** Data follows **

From HB Require Import structures.
From mathcomp Require Import all_boot all_order all_algebra.
From mathcomp Require Import all_classical all_reals all_analysis.
From mathcomp Require Import complex.
From mathcomp Require Import ring lra.
Import Order.TTheory GRing.Theory Num.Theory.
Import numFieldNormedType.Exports.
Local Open Scope ring_scope.

(* Up to N the Taylor coefficients of phi and psi are the blocks of x and z; beyond N their
   products are the summands d^H (S^i)^H Y^H Y S^i c / (i!)^2 of W, so eps is the tail of
   this series beyond Nmax.  By Cauchy-Schwarz and submultiplicativity of the spectral norm,
   the i-th summand is at most |d| |Y^H Y| |c| (s^i / i!)^2 with s = |S|, and since
   (K + j)! >= K! j! the tail from K is at most (s^K / K!)^2 sum_j (s^j / j!)^2, which is
   at most (s^K / K!)^2 e^(2s).  The same bound on the partial sums of moduli gives the
   convergence of the complex series, through its real and imaginary parts. *)

Set Implicit Arguments.
Unset Strict Implicit.

Section ComplexModulus.
Variable R : rcfType.
Implicit Types (u v : R[i]) (r : R).

Lemma cmodE u : (cmod u)%:C%C = `|u|.
Proof. by rewrite normc_def. Qed.

Lemma cmod_ge0 u : 0 <= cmod u.
Proof. exact: sqrtr_ge0. Qed.

Lemma cmod_eq0 u : (cmod u == 0) = (u == 0).
Proof. by rewrite -(inj_eq (@complexI R)) cmodE normr_eq0. Qed.

Lemma cmod0 : cmod (0 : R[i]) = 0.
Proof. by apply/eqP; rewrite cmod_eq0. Qed.

Lemma cmodM u v : cmod (u * v) = cmod u * cmod v.
Proof. by apply: (@complexI R); rewrite rmorphM /= !cmodE normrM. Qed.

Lemma cmodJ u : cmod u^*%C = cmod u.
Proof. by apply: (@complexI R); rewrite !cmodE normcJ. Qed.

Lemma cmod_real r : cmod r%:C%C = `|r|.
Proof. by rewrite /cmod /= expr0n /= addr0 sqrtr_sqr. Qed.

Lemma cmod_sum I (s : seq I) (P : pred I) (F : I -> R[i]) :
  cmod (\sum_(i <- s | P i) F i) <= \sum_(i <- s | P i) cmod (F i).
Proof.
rewrite -lecR cmodE rmorph_sum /=.
under [X in _ <= X]eq_bigr do rewrite cmodE.
exact: ler_norm_sum.
Qed.

Lemma Re_le_cmod u : `|complex.Re u| <= cmod u.
Proof. by rewrite /cmod -sqrtr_sqr ler_wsqrtr // lerDl sqr_ge0. Qed.

Lemma Im_le_cmod u : `|complex.Im u| <= cmod u.
Proof. by rewrite /cmod -sqrtr_sqr ler_wsqrtr // lerDr sqr_ge0. Qed.

Lemma cmod_le_Re_Im u : cmod u <= `|complex.Re u| + `|complex.Im u|.
Proof.
case: u => r1 r2 /=; have sum_ge0 : 0 <= `|r1| + `|r2| by rewrite addr_ge0.
rewrite /cmod /= -(ger0_norm sum_ge0) -[`|_ + _|]sqrtr_sqr ler_wsqrtr //.
rewrite -(real_normK (num_real r1)) -(real_normK (num_real r2)).
have := normr_ge0 r1; have := normr_ge0 r2; nra.
Qed.

End ComplexModulus.

Section CauchySchwarz.
Variable R : rcfType.
Lemma cliqueP (A : {set V}) :
  reflect {in A &, forall x y, x != y -> adj x y} (is_clique adj A).
Proof.
apply: (iffP forall_inP) => [cl x y xA yA | cl x xA].
  by move/forall_inP/(_ y yA)/implyP: (cl x xA).
by apply/forall_inP => y yA; apply/implyP; apply: cl.
Qed.

Lemma clique_subset (A B : {set V}) :
  A \subset B -> is_clique adj B -> is_clique adj A.
Proof.
by move=> /subsetP AB /cliqueP clB; apply/cliqueP => x y /AB xB /AB; apply: clB.
Qed.

Lemma clique_setU1 (A : {set V}) y :
  is_clique adj A -> {in A, forall x, adj x y} -> is_clique adj (y |: A).
Proof.
move=> /cliqueP clA Ay; apply/cliqueP => x x'; rewrite !in_setU1.
case/predU1P => [->|xA]; case/predU1P => [->|x'A]; rewrite ?eqxx // => neq.
- by rewrite adj_sym; apply: Ay.
- exact: Ay.
- exact: clA.
Qed.

Lemma Kcopy_setU1 k (X : {set V}) y :
  is_Kcopy adj k X -> y \notin X -> {in X, forall x, adj x y} ->
  is_Kcopy adj k.+1 (y |: X).
Proof.
case/andP=> /eqP cX clX yX Xy; rewrite /is_Kcopy cardsU1 yX cX eqxx /=.
exact: clique_setU1.
Qed.

Lemma Kcopy_swap k (X : {set V}) b y :
  is_Kcopy adj k X -> b \in X -> y \notin X :\ b -> {in X :\ b, forall x, adj x y} ->
  is_Kcopy adj k (y |: X :\ b).
Proof.
case/andP=> /eqP cX clX bX yXb Xy; rewrite /is_Kcopy cardsU1 yXb.
rewrite (cardsD1 b) bX in cX; rewrite cX eqxx /=.
exact/clique_setU1/Xy/(clique_subset (subsetDl _ _) clX).
Qed.
(* Let S be the image of A(2) under phi.  Each F^c_i is nontrivial, since its
   inverse F^c_(i+K_c/2) is a different member of an injective family; as the
   embedded F^c_i live in distinct coordinates, phi is injective and S is a copy
   of A.  Condition (D) makes right translation act freely on triangles: if s
   and sk are both triangles of S with k <> 1, then (D) applied to the edges
   {x, y} and {xk, yk} forces xk = y^-1 for all distinct x, y in s, which is
   absurd for three vertices.  So the triangles of C through a vertex h match
   the flags x \in s \in S (via (s, x) |-> s x^-1 h), and those through an edge
   {h1, h2} match the triangles of S through an ordered edge (x, y) with
   y x^-1 = h2 h1^-1; by (0), (B), (C) and (D) there are exactly two such
   ordered edges, (x, y) and (y^-1, x^-1). *)

Lemma imsetS_inj (aT rT : finType) (f : aT -> rT) (A B : {set aT}) :
  injective f -> (f @: A \subset f @: B) = (A \subset B).
Proof.
move=> inj_f; apply/idP/idP => [/subsetP sAB|]; last exact: imsetS.
by apply/subsetP => x xA; rewrite -(mem_imset _ _ inj_f) sAB ?imset_f.
Qed.

Lemma card_pairs_dep (I J : finType) (A : {set I}) (B : I -> {set J}) :
  #|[set p : I * J | (p.1 \in A) && (p.2 \in B p.1)]| = \sum_(i in A) #|B i|.
Proof.
rewrite -sum1_card; under [RHS]eq_bigr do rewrite -sum1_card.
by rewrite pair_big_dep; apply: eq_bigl => p; rewrite inE.
Qed.

Lemma mem_edges (T : finType) (X : {set {set T}}) s x y :
  s \in X -> x \in s -> y \in s -> x != y -> [set x; y] \in edges X.
Proof.
move=> sX xs ys xy; rewrite inE cards2 xy; apply/existsP; exists s.
by rewrite sX subUset !sub1set xs ys.
Qed.

Section ImageComplex.
Variables (V W : finType) (phi : V -> W) (X : {set {set V}}).
Hypothesis phi_inj : injective phi.
Local Notation imX := ((fun t : {set V} => phi @: t) @: X).

Lemma card_imcomplex : #|imX| = #|X|.
Proof. exact/card_imset/imset_inj. Qed.

Lemma imcomplex_2complex : is_2complex X -> is_2complex imX.
Proof. by move=> X3 _ /imsetP [t tX ->]; rewrite card_imset // X3. Qed.

Lemma edges_imcomplex e :
  e \in edges imX -> exists2 e0, e0 \in edges X & e = phi @: e0.
Proof.
rewrite inE => /andP [/cards2P [a [b [ab ->]]] /existsP [_ /andP [/imsetP [t tX ->]]]].
rewrite subUset !sub1set => /andP [/imsetP [x xt ax] /imsetP [y yt b_y]].
subst a b; exists [set x; y]; last by rewrite imsetU1 imset_set1.
by apply: mem_edges tX xt yt _; apply: contraNneq ab => ->.
Qed.

Lemma regular_imcomplex d : regular d X -> regular d imX.
Proof.
move=> regX _ /edges_imcomplex [e0 e0X ->]; rewrite -(regX e0 e0X).
have -> : [set u in imX | phi @: e0 \subset u]
          = (fun t : {set V} => phi @: t) @: [set t in X | e0 \subset t].
  apply/setP => u; rewrite inE; apply/andP/imsetP => [[/imsetP [t tX ->]]|].
    by rewrite imsetS_inj // => e0t; exists t; rewrite // inE tX.
  by case=> t /setIdP [tX e0t] ->; rewrite imset_f // imsetS_inj.
exact/card_imset/imset_inj.
Qed.

End ImageComplex.

Section Translates.
Variables (gT : finGroupType) (S : {set {set gT}}).
Implicit Types (s : {set gT}) (g h x y : gT).
Local Open Scope group_scope.

Definition translates := [set s :* g | s in S, g in [set: gT]].

Definition quotient_edges r :=
  [set q : gT * gT | ([set q.1; q.2] \in edges S) && (q.2 * q.1^-1 == r)].

Lemma mem_quotient_edges q r :
  (q \in quotient_edges r) = ([set q.1; q.2] \in edges S) && (q.2 * q.1^-1 == r).
Proof. by rewrite inE. Qed.

Hypothesis S_2complex : is_2complex S.
Hypothesis edge_quotient_inj : forall t1 t2 u1 u2,
  [set t1; t2] \in edges S -> [set u1; u2] \in edges S ->
  (t1, t2) <> (u1, u2) -> t1 * t2^-1 = u1 * u2^-1 -> u2 = t1^-1 /\ u1 = t2^-1.

Lemma rcoset_triangle_eq1 s k : s \in S -> s :* k \in S -> k = 1.
Proof.
move=> sS skS; apply/eqP/negPn/negP => k_neq1.
have mulk_inv x y : x \in s -> y \in s -> x != y -> x * k = y^-1.
  move=> xs ys xy.
  have xks : x * k \in s :* k by rewrite mem_rcoset mulgK.
  have yks : y * k \in s :* k by rewrite mem_rcoset mulgK.
  have xkyk : x * k != y * k by rewrite (inj_eq (mulIg k)).
  have moved : (x, y) <> (x * k, y * k).
    by case=> /eqP; rewrite -{1}[x]mulg1 (inj_eq (mulgI x)) eq_sym (negbTE k_neq1).
  have same_quot : x * y^-1 = (x * k) * (y * k)^-1 by rewrite invMg mulgA mulgK.
  by case: (edge_quotient_inj (mem_edges sS xs ys xy) (mem_edges skS xks yks xkyk)
              moved same_quot).
have /card_gt2P [a [b [e [[sa sb se] [ab be ea]]]]] : 2 < #|s| by rewrite S_2complex.
move: be; rewrite -(inj_eq invg_inj) -(mulk_inv a b) // -(mulk_inv a e) ?eqxx //.
by rewrite eq_sym.
Qed.

Lemma rcoset_triangle_inj s s' g g' :
  s \in S -> s' \in S -> s :* g = s' :* g' -> s = s' /\ g = g'.
Proof.
move=> sS s'S E.
have s'E : s' = s :* (g * g'^-1) by rewrite rcosetM E rcosetK.
have /eqP : g * g'^-1 = 1 by apply: rcoset_triangle_eq1 sS _; rewrite -s'E.
by rewrite -eq_mulgV1 => /eqP g_g'; rewrite s'E g_g' mulgV rcoset1.
Qed.

Lemma vertices_translates : vertices S != set0 -> vertices translates = [set: gT].
Proof.
case/set0Pn => x /bigcupP [s sS xs]; apply/setP => h; rewrite inE.
apply/bigcupP; exists (s :* (x^-1 * h)); first by apply: imset2_f; rewrite ?inE.
by rewrite mem_rcoset invMg invgK mulVKg.
Qed.

Lemma card_translates_at h : #|[set t in translates | h \in t]| = (3 * #|S|)%N.
Proof.
pose flags := [set p : {set gT} * gT | (p.1 \in S) && (p.2 \in p.1)].
have -> : [set t in translates | h \in t] = [set p.1 :* (p.2^-1 * h) | p in flags].
  apply/setP => t; rewrite inE; apply/andP/imsetP => [[/imset2P [s g sS _ ->]]|].
    rewrite mem_rcoset => hs; exists (s, h * g^-1); first by rewrite inE sS.
    by rewrite /= invMg invgK mulgVK.
  case=> [[s x]]; rewrite inE /= => /andP [sS xs] ->.
  split; first by apply: imset2_f; rewrite ?inE.
  by rewrite mem_rcoset invMg invgK mulVKg.
rewrite card_in_imset => [|[s x] [s' x']]; last first.
  rewrite !inE /= => /andP [sS _] /andP [s'S _].
  by case/(rcoset_triangle_inj sS s'S) => -> /mulIg /invg_inj ->.
rewrite (card_pairs_dep S id) (eq_bigr (fun _ => 3%N)) => [|s]; last exact: S_2complex.
by rewrite sum_nat_const mulnC.
Qed.

Lemma card_translates_over_edge h1 h2 : h1 != h2 ->
  #|[set t in translates | [set h1; h2] \subset t]|
    = \sum_(q in quotient_edges (h2 * h1^-1)) #|[set s in S | [set q.1; q.2] \subset s]|.
Proof.
move=> h12; set r := h2 * h1^-1.
pose D := [set p : (gT * gT) * {set gT} | (p.1 \in quotient_edges r)
                   && (p.2 \in [set s in S | [set p.1.1; p.1.2] \subset s])].
have -> : [set t in translates | [set h1; h2] \subset t]
          = [set p.2 :* (p.1.1^-1 * h1) | p in D].
  apply/setP => t; rewrite inE; apply/andP/imsetP => [[/imset2P [s g sS _ ->]]|].
    rewrite subUset !sub1set !mem_rcoset => /andP [h1s h2s].
    exists ((h1 * g^-1, h2 * g^-1), s); last by rewrite /= invMg invgK mulgVK.
    have e12 : [set h1 * g^-1; h2 * g^-1] \in edges S.
      by apply: mem_edges sS h1s h2s _; rewrite (inj_eq (mulIg _)).
    rewrite inE /= mem_quotient_edges e12 /= invMg invgK mulgA mulgVK eqxx.
    by rewrite !inE sS subUset !sub1set h1s h2s.
  case=> [[[x y] s]]; rewrite !inE /= => /andP [/andP [_ /eqP yx_r] /andP [sS]].
  rewrite subUset !sub1set => /andP [xs ys] ->.
  split; first by apply: imset2_f; rewrite ?inE.
  rewrite subUset !sub1set !mem_rcoset !invMg !invgK mulVKg xs /=.
  by rewrite mulgA -/r -yx_r mulgVK.
rewrite card_in_imset => [|[[x y] s] [[x' y'] s']]; last first.
  rewrite !inE /= => /andP [/andP [_ /eqP yx_r] /andP [sS _]].
  move=> /andP [/andP [_ /eqP yx_r'] /andP [s'S _]].
  case/(rcoset_triangle_inj sS s'S) => -> /mulIg /invg_inj x_x'.
  by rewrite -(mulgVK x y) yx_r -yx_r' x_x' mulgVK.
exact: card_pairs_dep.
Qed.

** End of Data **

:: Problem requirements ::
Lines after the one containing "Lemma cmod_ge0 u : 0 <= cmod u." are not part of the task. Output the entries exactly from their first line through that one.

:: Answer section ::
From HB Require Import structures.
From mathcomp Require Import all_boot all_order all_algebra.
From mathcomp Require Import all_classical all_reals all_analysis.
From mathcomp Require Import complex.
From mathcomp Require Import ring lra.
Import Order.TTheory GRing.Theory Num.Theory.
Import numFieldNormedType.Exports.
Local Open Scope ring_scope.

(* Up to N the Taylor coefficients of phi and psi are the blocks of x and z; beyond N their
   products are the summands d^H (S^i)^H Y^H Y S^i c / (i!)^2 of W, so eps is the tail of
   this series beyond Nmax.  By Cauchy-Schwarz and submultiplicativity of the spectral norm,
   the i-th summand is at most |d| |Y^H Y| |c| (s^i / i!)^2 with s = |S|, and since
   (K + j)! >= K! j! the tail from K is at most (s^K / K!)^2 sum_j (s^j / j!)^2, which is
   at most (s^K / K!)^2 e^(2s).  The same bound on the partial sums of moduli gives the
   convergence of the complex series, through its real and imaginary parts. *)

Set Implicit Arguments.
Unset Strict Implicit.

Section ComplexModulus.
Variable R : rcfType.
Implicit Types (u v : R[i]) (r : R).

Lemma cmodE u : (cmod u)%:C%C = `|u|.
Proof. by rewrite normc_def. Qed.

Lemma cmod_ge0 u : 0 <= cmod u.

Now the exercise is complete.